- **INPUT DATA**:
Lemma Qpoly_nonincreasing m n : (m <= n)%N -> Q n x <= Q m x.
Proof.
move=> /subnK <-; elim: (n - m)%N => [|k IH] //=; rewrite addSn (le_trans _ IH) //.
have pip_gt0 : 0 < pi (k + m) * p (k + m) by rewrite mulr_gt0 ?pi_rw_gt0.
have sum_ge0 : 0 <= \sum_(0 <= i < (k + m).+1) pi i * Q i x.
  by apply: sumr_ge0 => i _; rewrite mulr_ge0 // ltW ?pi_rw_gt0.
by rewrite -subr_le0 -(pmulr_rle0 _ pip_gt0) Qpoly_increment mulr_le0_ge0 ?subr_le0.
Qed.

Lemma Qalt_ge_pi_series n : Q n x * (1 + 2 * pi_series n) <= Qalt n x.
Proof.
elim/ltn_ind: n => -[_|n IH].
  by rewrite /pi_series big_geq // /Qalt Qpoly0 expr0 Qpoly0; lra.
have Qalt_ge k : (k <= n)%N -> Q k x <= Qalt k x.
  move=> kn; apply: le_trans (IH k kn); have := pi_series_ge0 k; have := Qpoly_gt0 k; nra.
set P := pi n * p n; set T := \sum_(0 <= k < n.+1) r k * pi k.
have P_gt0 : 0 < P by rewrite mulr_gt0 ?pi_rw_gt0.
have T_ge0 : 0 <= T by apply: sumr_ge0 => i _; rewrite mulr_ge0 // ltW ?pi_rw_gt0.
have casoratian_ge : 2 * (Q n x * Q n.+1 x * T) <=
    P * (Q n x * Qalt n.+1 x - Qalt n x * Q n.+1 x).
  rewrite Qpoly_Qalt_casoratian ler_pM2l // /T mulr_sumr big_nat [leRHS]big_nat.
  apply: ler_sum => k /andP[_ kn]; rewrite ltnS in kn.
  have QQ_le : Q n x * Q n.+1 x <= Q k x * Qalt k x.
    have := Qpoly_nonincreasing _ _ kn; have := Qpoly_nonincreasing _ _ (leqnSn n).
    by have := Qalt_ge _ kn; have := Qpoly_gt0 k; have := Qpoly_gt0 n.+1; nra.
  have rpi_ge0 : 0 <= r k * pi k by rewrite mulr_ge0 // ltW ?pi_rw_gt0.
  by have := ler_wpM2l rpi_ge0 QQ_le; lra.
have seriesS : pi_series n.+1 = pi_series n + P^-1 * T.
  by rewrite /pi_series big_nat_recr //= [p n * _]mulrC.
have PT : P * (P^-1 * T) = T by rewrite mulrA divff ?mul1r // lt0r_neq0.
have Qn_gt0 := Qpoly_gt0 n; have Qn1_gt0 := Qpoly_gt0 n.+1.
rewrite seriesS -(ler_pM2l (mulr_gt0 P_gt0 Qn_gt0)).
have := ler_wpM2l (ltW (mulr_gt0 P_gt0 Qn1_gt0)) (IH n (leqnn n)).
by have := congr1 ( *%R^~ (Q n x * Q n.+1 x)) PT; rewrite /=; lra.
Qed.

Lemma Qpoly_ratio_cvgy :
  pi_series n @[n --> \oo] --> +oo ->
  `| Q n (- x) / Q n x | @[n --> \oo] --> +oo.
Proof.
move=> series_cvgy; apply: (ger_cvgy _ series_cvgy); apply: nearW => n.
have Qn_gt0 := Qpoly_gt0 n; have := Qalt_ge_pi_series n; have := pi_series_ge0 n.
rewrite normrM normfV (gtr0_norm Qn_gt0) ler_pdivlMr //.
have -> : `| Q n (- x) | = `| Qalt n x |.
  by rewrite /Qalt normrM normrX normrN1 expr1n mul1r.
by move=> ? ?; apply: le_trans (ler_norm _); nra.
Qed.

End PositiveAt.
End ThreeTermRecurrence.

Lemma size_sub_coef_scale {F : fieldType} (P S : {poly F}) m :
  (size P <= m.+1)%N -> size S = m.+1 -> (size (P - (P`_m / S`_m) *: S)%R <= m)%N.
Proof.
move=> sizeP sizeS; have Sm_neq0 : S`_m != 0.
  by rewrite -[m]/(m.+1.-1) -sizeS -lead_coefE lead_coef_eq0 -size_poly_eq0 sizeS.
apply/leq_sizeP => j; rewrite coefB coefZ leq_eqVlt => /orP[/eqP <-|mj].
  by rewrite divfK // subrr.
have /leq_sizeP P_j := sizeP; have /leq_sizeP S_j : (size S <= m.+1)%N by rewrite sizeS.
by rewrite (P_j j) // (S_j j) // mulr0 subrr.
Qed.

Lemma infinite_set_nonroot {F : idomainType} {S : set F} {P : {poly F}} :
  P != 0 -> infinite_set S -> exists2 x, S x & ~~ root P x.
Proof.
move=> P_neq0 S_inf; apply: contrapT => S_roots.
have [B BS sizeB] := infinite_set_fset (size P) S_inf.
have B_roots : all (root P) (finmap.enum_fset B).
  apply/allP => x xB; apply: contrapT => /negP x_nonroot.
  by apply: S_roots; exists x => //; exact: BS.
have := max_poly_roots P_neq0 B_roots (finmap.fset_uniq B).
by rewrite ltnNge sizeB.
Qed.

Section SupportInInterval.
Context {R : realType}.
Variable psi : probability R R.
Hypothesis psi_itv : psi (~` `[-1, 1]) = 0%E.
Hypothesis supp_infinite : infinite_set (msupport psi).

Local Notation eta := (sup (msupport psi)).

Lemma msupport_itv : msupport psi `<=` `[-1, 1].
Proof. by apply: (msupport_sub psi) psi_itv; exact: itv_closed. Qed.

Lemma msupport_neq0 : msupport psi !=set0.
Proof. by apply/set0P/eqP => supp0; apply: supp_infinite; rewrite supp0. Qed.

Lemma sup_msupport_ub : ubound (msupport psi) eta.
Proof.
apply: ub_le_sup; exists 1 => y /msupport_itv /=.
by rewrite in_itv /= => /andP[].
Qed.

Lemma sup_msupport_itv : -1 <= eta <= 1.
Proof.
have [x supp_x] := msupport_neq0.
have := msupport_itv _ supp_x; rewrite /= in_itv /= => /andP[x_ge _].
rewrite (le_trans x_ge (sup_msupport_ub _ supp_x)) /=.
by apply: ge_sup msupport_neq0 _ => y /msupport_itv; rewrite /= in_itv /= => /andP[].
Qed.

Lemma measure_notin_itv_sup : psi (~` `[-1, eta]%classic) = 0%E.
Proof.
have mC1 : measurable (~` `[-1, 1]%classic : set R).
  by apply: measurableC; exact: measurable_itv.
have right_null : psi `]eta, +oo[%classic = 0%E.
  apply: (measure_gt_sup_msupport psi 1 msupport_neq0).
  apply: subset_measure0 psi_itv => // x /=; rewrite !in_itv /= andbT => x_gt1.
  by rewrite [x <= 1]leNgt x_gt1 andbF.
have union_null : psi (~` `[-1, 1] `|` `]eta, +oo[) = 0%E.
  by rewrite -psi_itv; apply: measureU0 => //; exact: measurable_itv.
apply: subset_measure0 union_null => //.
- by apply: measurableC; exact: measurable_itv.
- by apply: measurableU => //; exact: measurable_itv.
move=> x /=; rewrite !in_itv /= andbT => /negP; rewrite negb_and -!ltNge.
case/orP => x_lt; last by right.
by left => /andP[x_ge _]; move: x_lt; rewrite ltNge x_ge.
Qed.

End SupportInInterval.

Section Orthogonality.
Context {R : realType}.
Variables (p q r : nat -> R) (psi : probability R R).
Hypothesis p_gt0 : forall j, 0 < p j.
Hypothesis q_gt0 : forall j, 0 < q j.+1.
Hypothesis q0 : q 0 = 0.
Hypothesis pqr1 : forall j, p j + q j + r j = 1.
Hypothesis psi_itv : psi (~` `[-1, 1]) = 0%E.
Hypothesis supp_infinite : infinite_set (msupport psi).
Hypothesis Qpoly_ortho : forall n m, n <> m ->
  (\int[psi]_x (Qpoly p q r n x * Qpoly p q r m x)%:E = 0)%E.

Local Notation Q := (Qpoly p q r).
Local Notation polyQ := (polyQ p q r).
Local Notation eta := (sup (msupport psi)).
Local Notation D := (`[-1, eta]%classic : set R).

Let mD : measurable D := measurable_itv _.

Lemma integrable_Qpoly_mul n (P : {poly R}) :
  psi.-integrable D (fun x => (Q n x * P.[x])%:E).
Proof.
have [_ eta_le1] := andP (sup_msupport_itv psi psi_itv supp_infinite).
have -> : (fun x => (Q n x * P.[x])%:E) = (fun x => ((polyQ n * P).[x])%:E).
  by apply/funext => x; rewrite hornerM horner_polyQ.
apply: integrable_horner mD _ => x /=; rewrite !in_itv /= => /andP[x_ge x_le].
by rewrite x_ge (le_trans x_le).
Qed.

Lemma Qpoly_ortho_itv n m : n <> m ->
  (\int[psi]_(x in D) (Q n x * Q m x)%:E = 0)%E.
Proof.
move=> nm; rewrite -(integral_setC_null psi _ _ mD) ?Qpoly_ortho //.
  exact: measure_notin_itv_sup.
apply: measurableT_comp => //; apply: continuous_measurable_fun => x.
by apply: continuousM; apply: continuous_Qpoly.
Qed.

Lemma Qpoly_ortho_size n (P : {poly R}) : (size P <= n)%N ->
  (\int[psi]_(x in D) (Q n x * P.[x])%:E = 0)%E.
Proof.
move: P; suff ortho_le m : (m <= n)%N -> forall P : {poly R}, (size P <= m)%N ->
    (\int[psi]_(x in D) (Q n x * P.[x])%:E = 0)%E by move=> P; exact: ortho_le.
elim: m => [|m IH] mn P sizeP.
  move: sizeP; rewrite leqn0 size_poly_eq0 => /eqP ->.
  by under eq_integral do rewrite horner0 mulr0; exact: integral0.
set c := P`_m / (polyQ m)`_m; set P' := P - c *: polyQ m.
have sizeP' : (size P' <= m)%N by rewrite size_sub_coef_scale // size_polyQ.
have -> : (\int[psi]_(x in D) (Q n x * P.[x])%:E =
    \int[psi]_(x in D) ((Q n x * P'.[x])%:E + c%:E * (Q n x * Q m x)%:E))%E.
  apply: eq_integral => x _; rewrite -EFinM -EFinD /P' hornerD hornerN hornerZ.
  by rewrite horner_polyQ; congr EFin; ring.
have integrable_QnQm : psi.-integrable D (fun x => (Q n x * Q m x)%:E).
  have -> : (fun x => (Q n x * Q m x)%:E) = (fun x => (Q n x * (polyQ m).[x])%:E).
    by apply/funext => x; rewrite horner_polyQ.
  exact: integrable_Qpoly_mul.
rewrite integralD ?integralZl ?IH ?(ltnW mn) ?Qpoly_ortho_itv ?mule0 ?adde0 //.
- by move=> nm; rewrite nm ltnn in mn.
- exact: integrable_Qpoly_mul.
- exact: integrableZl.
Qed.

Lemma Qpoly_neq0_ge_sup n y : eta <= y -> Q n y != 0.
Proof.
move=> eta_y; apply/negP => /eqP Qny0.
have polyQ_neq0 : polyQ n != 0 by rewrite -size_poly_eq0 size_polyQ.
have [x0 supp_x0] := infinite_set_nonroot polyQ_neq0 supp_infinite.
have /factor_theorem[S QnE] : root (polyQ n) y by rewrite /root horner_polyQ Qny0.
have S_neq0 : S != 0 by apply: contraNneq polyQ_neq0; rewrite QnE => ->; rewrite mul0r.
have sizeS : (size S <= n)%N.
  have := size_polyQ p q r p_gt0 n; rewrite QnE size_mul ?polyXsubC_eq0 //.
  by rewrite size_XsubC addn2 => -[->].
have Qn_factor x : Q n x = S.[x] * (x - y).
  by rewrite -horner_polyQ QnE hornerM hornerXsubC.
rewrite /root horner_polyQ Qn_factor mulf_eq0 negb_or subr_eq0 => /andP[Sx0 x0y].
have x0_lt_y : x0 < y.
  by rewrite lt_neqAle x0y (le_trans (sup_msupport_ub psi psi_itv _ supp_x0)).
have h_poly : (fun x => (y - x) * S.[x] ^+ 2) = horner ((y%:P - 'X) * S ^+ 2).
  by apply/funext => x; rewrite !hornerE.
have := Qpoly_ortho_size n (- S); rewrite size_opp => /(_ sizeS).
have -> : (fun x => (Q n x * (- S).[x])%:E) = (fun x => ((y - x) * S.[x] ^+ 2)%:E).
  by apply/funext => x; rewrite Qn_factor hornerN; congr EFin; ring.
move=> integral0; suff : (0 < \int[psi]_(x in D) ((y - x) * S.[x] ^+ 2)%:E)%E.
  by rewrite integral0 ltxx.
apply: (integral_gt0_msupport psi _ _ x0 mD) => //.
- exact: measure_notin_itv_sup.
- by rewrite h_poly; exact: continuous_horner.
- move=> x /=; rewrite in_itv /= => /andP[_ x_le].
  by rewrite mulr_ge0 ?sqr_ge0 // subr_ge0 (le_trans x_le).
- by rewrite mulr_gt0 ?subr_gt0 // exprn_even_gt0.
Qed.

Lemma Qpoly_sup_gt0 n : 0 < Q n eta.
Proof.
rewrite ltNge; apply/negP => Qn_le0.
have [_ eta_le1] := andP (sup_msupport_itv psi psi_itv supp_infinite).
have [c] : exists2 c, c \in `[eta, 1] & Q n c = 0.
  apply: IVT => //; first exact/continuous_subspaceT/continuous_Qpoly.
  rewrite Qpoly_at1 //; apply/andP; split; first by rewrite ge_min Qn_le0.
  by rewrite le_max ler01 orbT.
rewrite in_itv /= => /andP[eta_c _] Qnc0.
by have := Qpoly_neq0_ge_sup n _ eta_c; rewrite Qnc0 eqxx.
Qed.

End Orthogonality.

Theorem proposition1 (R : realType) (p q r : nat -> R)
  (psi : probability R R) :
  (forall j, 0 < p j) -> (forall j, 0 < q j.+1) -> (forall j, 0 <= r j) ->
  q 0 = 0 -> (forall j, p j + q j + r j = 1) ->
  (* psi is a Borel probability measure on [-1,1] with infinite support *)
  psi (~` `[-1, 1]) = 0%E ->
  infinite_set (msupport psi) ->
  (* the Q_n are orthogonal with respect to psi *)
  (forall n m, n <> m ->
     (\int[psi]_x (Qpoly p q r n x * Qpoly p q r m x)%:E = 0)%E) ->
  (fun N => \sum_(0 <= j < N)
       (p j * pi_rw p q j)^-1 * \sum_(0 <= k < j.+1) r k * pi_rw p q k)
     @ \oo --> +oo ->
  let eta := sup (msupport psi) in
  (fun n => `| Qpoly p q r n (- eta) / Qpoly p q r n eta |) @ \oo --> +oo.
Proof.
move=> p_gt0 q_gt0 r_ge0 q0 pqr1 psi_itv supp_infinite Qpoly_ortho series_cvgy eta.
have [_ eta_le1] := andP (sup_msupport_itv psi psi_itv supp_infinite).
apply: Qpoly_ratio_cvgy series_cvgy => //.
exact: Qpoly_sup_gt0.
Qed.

==

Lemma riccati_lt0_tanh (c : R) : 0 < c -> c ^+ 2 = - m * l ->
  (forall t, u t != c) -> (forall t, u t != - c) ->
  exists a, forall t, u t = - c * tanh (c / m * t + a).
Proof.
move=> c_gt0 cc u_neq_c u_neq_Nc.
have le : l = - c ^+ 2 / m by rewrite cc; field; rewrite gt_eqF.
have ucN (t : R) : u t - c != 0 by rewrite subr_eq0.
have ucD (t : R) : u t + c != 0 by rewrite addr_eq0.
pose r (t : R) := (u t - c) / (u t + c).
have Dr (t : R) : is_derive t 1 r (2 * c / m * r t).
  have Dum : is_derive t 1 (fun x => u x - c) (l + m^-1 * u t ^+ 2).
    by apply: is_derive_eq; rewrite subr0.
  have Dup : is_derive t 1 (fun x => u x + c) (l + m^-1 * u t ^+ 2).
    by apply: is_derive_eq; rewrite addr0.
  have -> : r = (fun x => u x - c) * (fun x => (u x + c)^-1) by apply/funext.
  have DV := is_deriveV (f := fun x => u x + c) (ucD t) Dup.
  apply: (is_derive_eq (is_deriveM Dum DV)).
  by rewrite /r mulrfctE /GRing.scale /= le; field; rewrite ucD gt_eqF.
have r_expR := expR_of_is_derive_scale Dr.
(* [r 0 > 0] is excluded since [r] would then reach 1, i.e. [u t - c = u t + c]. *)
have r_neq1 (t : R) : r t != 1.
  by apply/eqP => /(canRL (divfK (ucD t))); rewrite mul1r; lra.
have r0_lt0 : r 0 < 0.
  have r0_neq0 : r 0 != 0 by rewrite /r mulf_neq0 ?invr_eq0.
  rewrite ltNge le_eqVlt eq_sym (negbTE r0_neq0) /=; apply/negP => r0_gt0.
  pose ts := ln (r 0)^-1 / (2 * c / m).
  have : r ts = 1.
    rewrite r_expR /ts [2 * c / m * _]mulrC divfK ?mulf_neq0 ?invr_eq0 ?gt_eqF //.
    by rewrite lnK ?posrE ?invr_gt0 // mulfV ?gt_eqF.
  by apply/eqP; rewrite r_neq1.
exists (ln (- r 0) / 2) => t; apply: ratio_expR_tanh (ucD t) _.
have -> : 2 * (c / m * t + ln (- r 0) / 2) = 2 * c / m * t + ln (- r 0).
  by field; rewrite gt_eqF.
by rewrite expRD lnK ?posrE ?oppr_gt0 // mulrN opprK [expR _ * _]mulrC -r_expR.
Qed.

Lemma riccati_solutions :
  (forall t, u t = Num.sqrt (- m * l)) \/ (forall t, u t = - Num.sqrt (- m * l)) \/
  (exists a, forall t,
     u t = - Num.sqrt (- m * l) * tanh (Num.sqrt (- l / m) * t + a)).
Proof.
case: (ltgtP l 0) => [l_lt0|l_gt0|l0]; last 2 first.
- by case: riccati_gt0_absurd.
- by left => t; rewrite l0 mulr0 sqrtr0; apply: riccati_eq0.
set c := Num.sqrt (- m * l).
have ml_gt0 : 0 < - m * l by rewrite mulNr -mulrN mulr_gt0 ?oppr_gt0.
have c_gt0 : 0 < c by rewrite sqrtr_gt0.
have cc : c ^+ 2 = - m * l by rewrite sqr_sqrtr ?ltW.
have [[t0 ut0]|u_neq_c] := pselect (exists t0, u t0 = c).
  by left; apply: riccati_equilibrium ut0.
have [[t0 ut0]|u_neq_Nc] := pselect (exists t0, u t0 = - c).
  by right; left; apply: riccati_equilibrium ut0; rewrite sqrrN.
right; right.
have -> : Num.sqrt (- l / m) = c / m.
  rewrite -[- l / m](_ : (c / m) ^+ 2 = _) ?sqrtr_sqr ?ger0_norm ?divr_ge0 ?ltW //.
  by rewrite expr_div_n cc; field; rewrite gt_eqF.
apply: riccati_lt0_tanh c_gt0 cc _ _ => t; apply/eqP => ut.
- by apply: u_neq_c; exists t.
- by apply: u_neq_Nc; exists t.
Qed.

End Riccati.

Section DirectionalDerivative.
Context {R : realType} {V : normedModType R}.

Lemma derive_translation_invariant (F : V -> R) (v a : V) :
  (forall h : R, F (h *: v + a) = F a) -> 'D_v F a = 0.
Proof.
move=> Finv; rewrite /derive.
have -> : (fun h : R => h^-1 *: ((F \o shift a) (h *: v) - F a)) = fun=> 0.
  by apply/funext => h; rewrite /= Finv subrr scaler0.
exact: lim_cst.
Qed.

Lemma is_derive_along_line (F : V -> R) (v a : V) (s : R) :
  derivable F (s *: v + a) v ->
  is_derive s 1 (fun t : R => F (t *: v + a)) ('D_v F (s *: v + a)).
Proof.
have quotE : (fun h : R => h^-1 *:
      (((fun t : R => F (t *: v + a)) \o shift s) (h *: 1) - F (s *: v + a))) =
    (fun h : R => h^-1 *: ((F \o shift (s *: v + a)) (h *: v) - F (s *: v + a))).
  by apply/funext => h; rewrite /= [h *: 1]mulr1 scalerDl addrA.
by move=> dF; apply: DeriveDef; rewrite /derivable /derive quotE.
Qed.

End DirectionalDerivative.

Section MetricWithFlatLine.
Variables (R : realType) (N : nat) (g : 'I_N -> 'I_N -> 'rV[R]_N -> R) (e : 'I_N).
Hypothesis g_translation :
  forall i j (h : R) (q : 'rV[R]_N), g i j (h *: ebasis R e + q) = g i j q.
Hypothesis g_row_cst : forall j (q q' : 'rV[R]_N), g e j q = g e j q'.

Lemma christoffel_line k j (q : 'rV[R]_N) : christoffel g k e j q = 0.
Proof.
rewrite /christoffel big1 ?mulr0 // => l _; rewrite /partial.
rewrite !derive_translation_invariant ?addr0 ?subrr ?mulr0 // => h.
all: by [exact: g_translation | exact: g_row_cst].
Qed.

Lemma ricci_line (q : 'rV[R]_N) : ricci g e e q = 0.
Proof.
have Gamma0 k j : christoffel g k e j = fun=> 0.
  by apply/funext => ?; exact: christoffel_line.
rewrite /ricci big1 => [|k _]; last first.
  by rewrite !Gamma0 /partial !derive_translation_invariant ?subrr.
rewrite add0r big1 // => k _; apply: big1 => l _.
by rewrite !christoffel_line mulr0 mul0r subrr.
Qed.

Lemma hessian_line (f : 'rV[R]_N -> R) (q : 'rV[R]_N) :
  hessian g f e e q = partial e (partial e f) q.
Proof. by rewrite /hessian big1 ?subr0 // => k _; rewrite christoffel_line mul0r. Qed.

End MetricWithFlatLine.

- **WHAT TO WORK ON**: Each line in the entries above that includes the word "funext" counts once; state the total and nothing else.

- **SOLUTION TO THE EXERCISE**: 8